(* There exists a continuous, differentiable curve $s$ in $\mathbb{R}^2$ of finite length with no cross-over (that is, $t\mapsto s(t)$ is one-to-one) such that, for every $R>0$, $s$ is not $R$-monotone.
   Context: A closed ball is a set $\{x:\|x-a\|\le \rho\}$ with center $a$ and radius $\rho$. For $R>0$, a curve $s$ (considered with its arc-length parametrization) is called $R$-monotone if the inverse image under $s$ of every closed ball of radius at most $R$ is a connected subset of the parameter domain. *)

From HB Require Import structures.
From mathcomp Require Import all_boot all_order all_algebra.
From mathcomp Require Import all_classical all_reals all_analysis.
Set Implicit Arguments. Unset Strict Implicit. Unset Printing Implicit Defensive.
Import Order.TTheory GRing.Theory Num.Theory.
Import numFieldNormedType.Exports.
Local Open Scope classical_set_scope.
Local Open Scope ring_scope.

Definition dist2 (R : realType) (p q : R * R) : R :=
  Num.sqrt ((p.1 - q.1) ^+ 2 + (p.2 - q.2) ^+ 2).

Definition poly_len (R : realType) (s : R -> R * R) (ts : seq R) : R :=
  \sum_(i < (size ts).-1) dist2 (s (nth 0 ts i)) (s (nth 0 ts i.+1)).

Definition arc_length (R : realType) (s : R -> R * R) (a b : R) : \bar R :=
  ereal_sup [set (poly_len s ts)%:E | ts in
    [set ts : seq R | sorted <=%R ts /\ all (fun t => a <= t <= b) ts]].

Definition arclength_param (R : realType) (s : R -> R * R) (L : R) : Prop :=
  forall t, 0 <= t <= L -> arc_length s 0 t = t%:E.

Definition R_monotone (R : realType) (s : R -> R * R) (L Rad : R) : Prop :=
  forall (a : R * R) (rho : R), 0 <= rho -> rho <= Rad ->
    connected [set t : R | 0 <= t <= L /\ dist2 (s t) a <= rho].

From HB Require Import structures.
From mathcomp Require Import all_boot all_order all_algebra.
From mathcomp Require Import all_classical all_reals all_analysis.
From mathcomp Require Import ring lra.
Import Order.TTheory GRing.Theory Num.Theory.
Import numFieldNormedType.Exports.
Local Open Scope classical_set_scope.
Local Open Scope ring_scope.

Set Implicit Arguments. Unset Strict Implicit. Unset Printing Implicit Defensive.

(* Take the unit-speed curve s(t) = int_{-1}^t (cos th, sin th) whose tangent
   angle th(t) = sgn(t - 1) sqrt|t - 1| is continuous and nondecreasing.  Unit
   speed bounds every chord by its parameter gap, and the slow turning of the
   tangent bounds the chord over [x, y] below by (y - x)(1 - (th y - th x)), so
   inscribed polygons over fine uniform partitions have length close to the
   parameter length: s is parametrized by arc length.  On [0, 2] we have
   |th| <= 1 < pi/2, so the abscissa is strictly increasing and s is injective.
   At t = 1 the tangent is horizontal but th' is unbounded: s(1 +- u) lies at
   least of order u^(3/2) above s(1), while |s(1 +- u) - s(1)| <= u.  Hence the
   ball centred at s(1) + (0, d) whose radius is the larger of the distances to
   s(1 +- u), for u of order d^2, contains s(1 - u) and s(1 + u) but not s(1),
   and its preimage is not an interval. *)

Section Trigonometry.
Variable R : realType.

Lemma subr1_le_cos (x : R) : 0 <= x -> 1 - x <= cos x.
Proof.
rewrite le_eqVlt => /predU1P[<-|x0]; first by rewrite cos0 subr0.
have [c _] := MVT x0 (fun c _ => @is_derive_cos R c)
  (continuous_subspaceT (@continuous_cos R)).
rewrite cos0 subr0 => /eqP; rewrite subr_eq => /eqP ->.
have := sin_le1 c; nra.
Qed.
Lemma nth_row_line U r c : nth None (row_line U r) c = get U r c.
Proof. by rewrite /row_line /get onthE. Qed.

Lemma get_set_box_same U r c z : get (set_box U r c z) r c = Some z.
Proof.
rewrite /get /set_box nth_set_nth /= eqxx onthE (nth_map z) ?nth_set_nth /= ?eqxx //.
by rewrite size_set_nth leq_max ltnSn.
Qed.

Lemma get_set_box_row U r c z r' c' : r' != r -> get (set_box U r c z) r' c' = get U r' c'.
Proof. by move=> ne; rewrite /get /set_box nth_set_nth /= (negbTE ne). Qed.

(* The side condition excludes a box [c] beyond the end of row [r], whose
   creation would pad the row with copies of [z]. *)
Lemma get_set_box U r c z r' c' : (r' != r) || (c' != c) ->
  (c <= size (nth [::] U r)) || (c < c') -> get (set_box U r c z) r' c' = get U r' c'.
Proof.
case: (eqVneq r' r) => [->|ne] /= ne' hc; last exact: get_set_box_row.
rewrite /get /set_box nth_set_nth /= eqxx; set s := nth [::] U r.
case: (ltnP c' (size s)) => hs.
  rewrite !onthE !(nth_map z) ?nth_set_nth /= ?(negbTE ne') //.
  by rewrite size_set_nth leq_max hs orbT.
rewrite (onth_default hs) onth_default // size_set_nth geq_max hs andbT.
case/orP: hc => hc //; by rewrite ltn_neqAle eq_sym ne' (leq_trans hc hs).
Qed.

Lemma get_set_box_right U r c z r' k : c < k -> get (set_box U r c z) r' k = get U r' k.
Proof. by move=> ck; apply: get_set_box; rewrite ?ck ?orbT // (gtn_eqF ck) orbT. Qed.

Lemma get_set_box_left U r c z r' k : k < c -> c <= size (nth [::] U r) ->
  get (set_box U r c z) r' k = get U r' k.
Proof. by move=> kc cs; apply: get_set_box; rewrite ?cs // (ltn_eqF kc) orbT. Qed.

Lemma get_set_box_other U r c z r' k a : get U r c = Some a -> (r' != r) || (k != c) ->
  get (set_box U r c z) r' k = get U r' k.
Proof. by move=> h ne; apply: get_set_box; rewrite // ltnW // (get_size h). Qed.

Lemma dest_B0 c r w : isB0 w -> dest c r w = Row r.+1.
Proof. by rewrite /dest => ->. Qed.

Lemma dest_B1 c r w : ~~ isB0 w -> dest c r w = Col c.+1.
Proof. by rewrite /dest => /negbTE ->. Qed.

Lemma nth_Some_size (os : seq (option letter)) j e :
  nth None os j = Some e -> j < size os.
Proof. by move=> he; rewrite ltnNge; apply/negP => /(nth_default None); rewrite he. Qed.

Lemma has_greaterP z os :
  reflect (exists j e, nth None os j = Some e /\ ltl z e) (has_greater z os).
Proof.
apply: (iffP (has_nthP None)).
  by case=> j _; case e: (nth None os j) => [a|] // h; exists j, a.
by case=> j [e [h1 h2]]; exists j; rewrite ?h1 // (nth_Some_size h1).
Qed.

Definition least_greater z os k w :=
  [/\ nth None os k = Some w, ltl z w &
      forall j e, nth None os j = Some e -> ltl z e -> lel w e].

Lemma has_greater_min z os : has_greater z os -> exists k w, least_greater z os k w.
Proof.
elim: os => [//|o os IH] hg.
have tail_min : has_greater z os -> exists k w, least_greater z (o :: os) k w.
  move/IH => [k [w [h1 h2 h3]]].
  case: o hg => [a|] hg; last first.
    by exists k.+1, w; split => // -[|j] e //=; apply: h3.
  case za: (ltl z a); last first.
    exists k.+1, w; split => // -[|j] e /=; last exact: h3.
    by case=> <-; rewrite za.
  case aw: (ltl a w).
    exists 0, a; split => // -[|j] e /=; first by case=> <-; rewrite lel_refl.
    by move=> he ze; apply: lel_trans (ltlW aw) (h3 _ _ he ze).
  exists k.+1, w; split => // -[|j] e /=; last exact: h3.
  by case=> <-; rewrite /lel aw.
case: o hg tail_min => [a|] /= hg tail_min; last exact: tail_min.
case hos: (has_greater z os); first exact: tail_min.
case/orP: hg => [za|]; last by rewrite hos.
exists 0, a; split => // -[|j] e /=; first by case=> <-; rewrite lel_refl.
by move=> he ze; case/negP: hos; apply/has_greaterP; exists j, e.
Qed.

Lemma least_posP z os : has_greater z os ->
  exists w, least_greater z os (least_pos z os) w /\
    forall j e, j < least_pos z os -> nth None os j = Some e -> ltl z e -> ltl w e.
Proof.
move=> hg.
pose below_all a :=
  all (fun o' => if o' is Some b then ltl z b ==> lel a b else true) os.
have below_allP a :
    reflect (forall j e, nth None os j = Some e -> ltl z e -> lel a e) (below_all a).
  apply: (iffP (all_nthP None)) => h j.
    by move=> e he ze; move: (h j (nth_Some_size he)); rewrite he ze.
  move=> _ /=; case e: (nth None os j) => [b|] //; apply/implyP; exact: h e.
have [k [w [hk zw wmin]]] := has_greater_min hg.
have hp : has (fun o => if o is Some a then ltl z a && below_all a else false) os.
  apply/(has_nthP None); exists k; first exact: nth_Some_size hk.
  by rewrite hk zw; apply/below_allP.
have := nth_find None hp; rewrite -/(least_pos z os).
case e: (nth None os (least_pos z os)) => [w'|] //= /andP[zw' /below_allP w'min].
exists w'; split => // j e' jl he' ze'.
have := before_find None jl; rewrite -/(least_pos z os) he' ze' /=.
case lt: (ltl w' e') => // /below_allP; case=> j2 e2 h2 z2.
by apply: lel_trans (w'min _ _ h2 z2); rewrite /lel lt.
Qed.

Lemma least_pos_le z os i b : nth None os i = Some b -> ltl z b ->
  (forall j e, i < j -> nth None os j = Some e -> ltl z e -> lel b e) ->
  least_pos z os <= i.
Proof.
move=> hb zb h.
have hg : has_greater z os by apply/has_greaterP; exists i, b.
have [w [[h1 h2 _] h4]] := least_posP hg.
rewrite leqNgt; apply/negP => il.
by have := h4 _ _ il hb zb; have := h _ _ il h1 h2; rewrite /lel => /negbTE ->.
Qed.

Lemma least_pos_lt z os i : has_greater z os ->
  (forall j, i <= j -> nth None os j = None) -> least_pos z os < i.
Proof.
move=> hg h; have [w [[h1 _ _] _]] := least_posP hg.
by rewrite ltnNge; apply/negP => /h; rewrite h1.
Qed.

Lemma col_bottomP U c : get U (col_bottom U c) c = None /\
  forall r, r < col_bottom U c -> get U r c <> None.
Proof.
rewrite /col_bottom; set s := map _ (iota 0 (size U).+1).
have ns r : r < size s -> nth None s r = get U r c.
  by rewrite size_map size_iota => h; rewrite (nth_map 0) ?size_iota // nth_iota.
have hp : has (fun o => if o is None then true else false) s.
  apply/(has_nthP None); exists (size U); first by rewrite size_map size_iota.
  by rewrite ns ?size_map ?size_iota // get_out.
split.
  by have := nth_find None hp; rewrite ns -?has_find //; case: (get U _ c).
move=> r rl; have := before_find None rl.
by rewrite ns ?(leq_trans rl (find_size _ _)) //; case: (get U r c).
Qed.

Lemma col_bottom_le U c R : get U R c = None -> col_bottom U c <= R.
Proof. by move=> h; rewrite leqNgt; apply/negP => /(proj2 (col_bottomP U c)). Qed.

(* The part of the spo conditions that a column insertion started in column
   [c] relies on, restricted to columns [>= c]; the column condition on B1
   letters is stated for any two rows, not only adjacent ones. *)
Definition semistd_from (U : tableau) (c : nat) : Prop :=
  [/\ forall r k a, c <= k -> get U r k = Some a ->
        forall r', r' <= r -> exists b, get U r' k = Some b,
      forall r k a, get U r k = Some a -> isB0 a ->
        forall r' k', r' <= r -> k' <= k -> c <= k' -> exists2 b, get U r' k' = Some b & isB0 b,
      forall r k a b, c <= k -> get U r k = Some a -> get U r k.+1 = Some b ->
        ~~ isB0 a -> ~~ isB0 b -> ltl a b &
      forall r r' k a b, c <= k -> r < r' -> get U r k = Some a -> get U r' k = Some b ->
        ~~ isB0 a -> ~~ isB0 b -> lel a b].

Definition agree_from (U V : tableau) (c : nat) : Prop :=
  forall r k, c <= k -> get U r k = get V r k \/
    exists a b, [/\ get U r k = Some a, isB0 a, get V r k = Some b & isB0 b].

Lemma agree_from_sym U V c : agree_from U V c -> agree_from V U c.
Proof.
move=> ag r k ck.
by case: (ag r k ck) => [->|[a [b [? ? ? ?]]]]; [left|right; exists b, a].
Qed.

Lemma agree_fromW U V c c' : agree_from U V c -> c <= c' -> agree_from U V c'.
Proof. by move=> ag cc r k ck; apply: ag; apply: leq_trans cc ck. Qed.

Lemma agree_Some U V c r k a : agree_from U V c -> c <= k -> get U r k = Some a ->
  exists b, get V r k = Some b.
Proof. by move=> ag ck h; case: (ag r k ck) => [<-|[? [b [_ _ ? _]]]]; [exists a|exists b]. Qed.

Lemma agree_B0 U V c r k a : agree_from U V c -> c <= k -> get U r k = Some a -> isB0 a ->
  exists2 b, get V r k = Some b & isB0 b.
Proof. by move=> ag ck h ba; case: (ag r k ck) => [<-|[? [b [_ _ ? ?]]]]; [exists a|exists b]. Qed.

Lemma agree_B1 U V c r k a : agree_from U V c -> c <= k -> get U r k = Some a -> ~~ isB0 a ->
  get V r k = Some a.
Proof.
move=> ag ck h na; case: (ag r k ck) => [<-//|[a' [_ [ha ba _ _]]]].
by move: ha; rewrite h => -[ea]; rewrite ea ba in na.
Qed.

Lemma semistd_fromW U c c' : semistd_from U c -> c <= c' -> semistd_from U c'.
Proof.
case=> hY hB0 hR hC cc; split.
- by move=> r k a ck; apply: hY; apply: leq_trans cc ck.
- by move=> r k a ha hb r' k' rr kk ck; apply: hB0 ha hb _ _ rr kk _; apply: leq_trans cc ck.
- by move=> r k a b ck; apply: hR; apply: leq_trans cc ck.
- by move=> r r' k a b ck; apply: hC; apply: leq_trans cc ck.
Qed.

⁂

REQUIREMENT -> Your task for the entries above: copy exactly the span starting with the line with "(* The part" and going on through the line with "Definition agree_from (U", both lines included, and nothing else.

TASK SOLUTION ->
(* The part of the spo conditions that a column insertion started in column
   [c] relies on, restricted to columns [>= c]; the column condition on B1
   letters is stated for any two rows, not only adjacent ones. *)
Definition semistd_from (U : tableau) (c : nat) : Prop :=
  [/\ forall r k a, c <= k -> get U r k = Some a ->
        forall r', r' <= r -> exists b, get U r' k = Some b,
      forall r k a, get U r k = Some a -> isB0 a ->
        forall r' k', r' <= r -> k' <= k -> c <= k' -> exists2 b, get U r' k' = Some b & isB0 b,
      forall r k a b, c <= k -> get U r k = Some a -> get U r k.+1 = Some b ->
        ~~ isB0 a -> ~~ isB0 b -> ltl a b &
      forall r r' k a b, c <= k -> r < r' -> get U r k = Some a -> get U r' k = Some b ->
        ~~ isB0 a -> ~~ isB0 b -> lel a b].

Definition agree_from (U V : tableau) (c : nat) : Prop :=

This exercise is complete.